## Libraries

In [1]:
import json
import pandas as pd
import numpy as np
import os
import matplotlib.pyplot as plt

## Config

In [2]:
from transformers import AutoTokenizer, AutoModelForSequenceClassification, TrainingArguments, Trainer, DataCollatorWithPadding
import evaluate
from sklearn.model_selection import train_test_split, cross_val_score
from datasets import DatasetDict, Dataset, load_dataset
import torch

In [3]:
# Load the config file
with open('../../config/config.json', 'r') as f:
    config = json.load(f)

file_path = config["data_loc"]

 ## Datasets

### Inference batch

In [4]:
# Define file path
file_name = "test_unlabeled.tsv"
final_path = os.path.join("..", file_path, file_name) 

# Load tsv file
inference_batch = pd.read_csv(final_path, sep='\t')
inference_batch['Title_Abstract'] = inference_batch['Title'] + " " + inference_batch['Abstract']
print(f"The inference batch has {inference_batch.shape[0]} observations and {inference_batch.shape[1]} columns.")
inference_batch.head()

The inference batch has 1097 observations and 5 columns.
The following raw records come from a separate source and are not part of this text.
Lemma step_par : forall t u, step t u -> par t u.
Proof.
  intros t u H. destruct (step_mark_step t u H) as [X [X' [E1 [E2 [E3 <-]]]]].
  exists (relabel two_to_one X). split; [|split; [|split]].
  - pose proof (mark_step_labels _ _ E2) as HL. clear -HL.
    induction X; simpl in *; auto. destruct HL as [H1 [H2 H3]]. repeat split; auto.
    unfold lab02, lab01, two_to_one in *. destruct n as [|[|[|n]]]; simpl in *; auto.
  - apply need_marked_relabel; auto. intros [|[|[|l]]]; simpl; auto.
  - rewrite erase_relabel, <- erase_unmark, E1, erase_embed. auto.
  - rewrite (develop_relabel two_to_one is_lab1 is_lab2), erase_relabel, (develop_mark_step _ _ E2);
      auto.
    intros [|[|[|l]]]; reflexivity.
Qed.

(* [Mh] adds to the marking [M] the redex of the single step [X -> X'] (label 2, unless [M]
   already marks it with 1); [Y'] is what remains of [Mh]'s marks after contracting it. *)
Definition merged_marking (M X X' : mterm) : Prop :=
  exists Mh Y', relabel forget2 Mh = M /\ labels_in lab012 Mh /\
    (forall k, need_marked k M -> need_marked k X -> need_marked k Mh) /\
    mstep is_lab12 Mh Y' /\ unmark Y' = unmark X' /\ labels_in lab01 Y'.

Lemma merged_marking_root : forall n M1 M2 F G, unmark M1 = unmark F -> unmark M2 = unmark G ->
  walk (Fun 1) F -> walk (Ans 0) G -> labels_in lab01 (MApp n M1 M2) ->
  merged_marking (MApp n M1 M2) (MApp 2 F G) (contract_fun 1 F G).
Proof.
  intros n M1 M2 F G H1 H2 HF HG [HL1 [HL2 HL3]].
  exists (MApp (if n =? 1 then 1 else 2) M1 M2), (contract_fun 1 M1 M2).
  split; [|split; [|split; [|split; [|split]]]].
  - simpl. rewrite !relabel_forget2_id by auto. f_equal.
    unfold lab01, forget2 in *. destruct n as [|[|n]]; simpl in *; auto; discriminate.
  - simpl. split; [destruct (n =? 1); auto|].
    split; apply (labels_in_weaken lab01); auto using lab01_lab012.
  - intros k [G1 [G2 _]] [_ [_ K3]]. simpl. split; [|split]; auto.
    intros _. destruct (K3 ltac:(lia)) as [K4 K5].
    split; [apply (walk_unmark_eq _ _ K4) | apply (walk_unmark_eq _ _ K5)]; congruence.
  - apply mstep_root; [unfold is_lab12; destruct (n =? 1); auto | |].
    + apply (walk_unmark_eq _ _ HF); congruence.
    + apply (walk_unmark_eq _ _ HG); congruence.
  - rewrite !unmark_contract_fun. congruence.
  - apply labels_in_contract_fun; auto.
Qed.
Unnamed: 0,PMID,Title,Abstract,Label,Title_Abstract
0,34902587,Detection of porcine circovirus type 3 DNA in ...,Porcine circovirus type 3 (PCV3) is regularly ...,0,Detection of porcine circovirus type 3 DNA in ...
1,35451025,Imputation of non-genotyped F1 dams to improve...,This study investigated using imputed genotype...,0,Imputation of non-genotyped F1 dams to improve...
2,34859764,Proposed multidimensional pain outcome methodo...,Castration of male piglets in the United State...,0,Proposed multidimensional pain outcome methodo...
3,35143972,Nanostructured lipid carriers loaded with an a...,Alopecia is a condition associated with differ...,0,Nanostructured lipid carriers loaded with an a...
4,34872491,Genome-wide expression of the residual lung re...,BACKGROUND: Acute or chronic irreversible resp...,0,Genome-wide expression of the residual lung re...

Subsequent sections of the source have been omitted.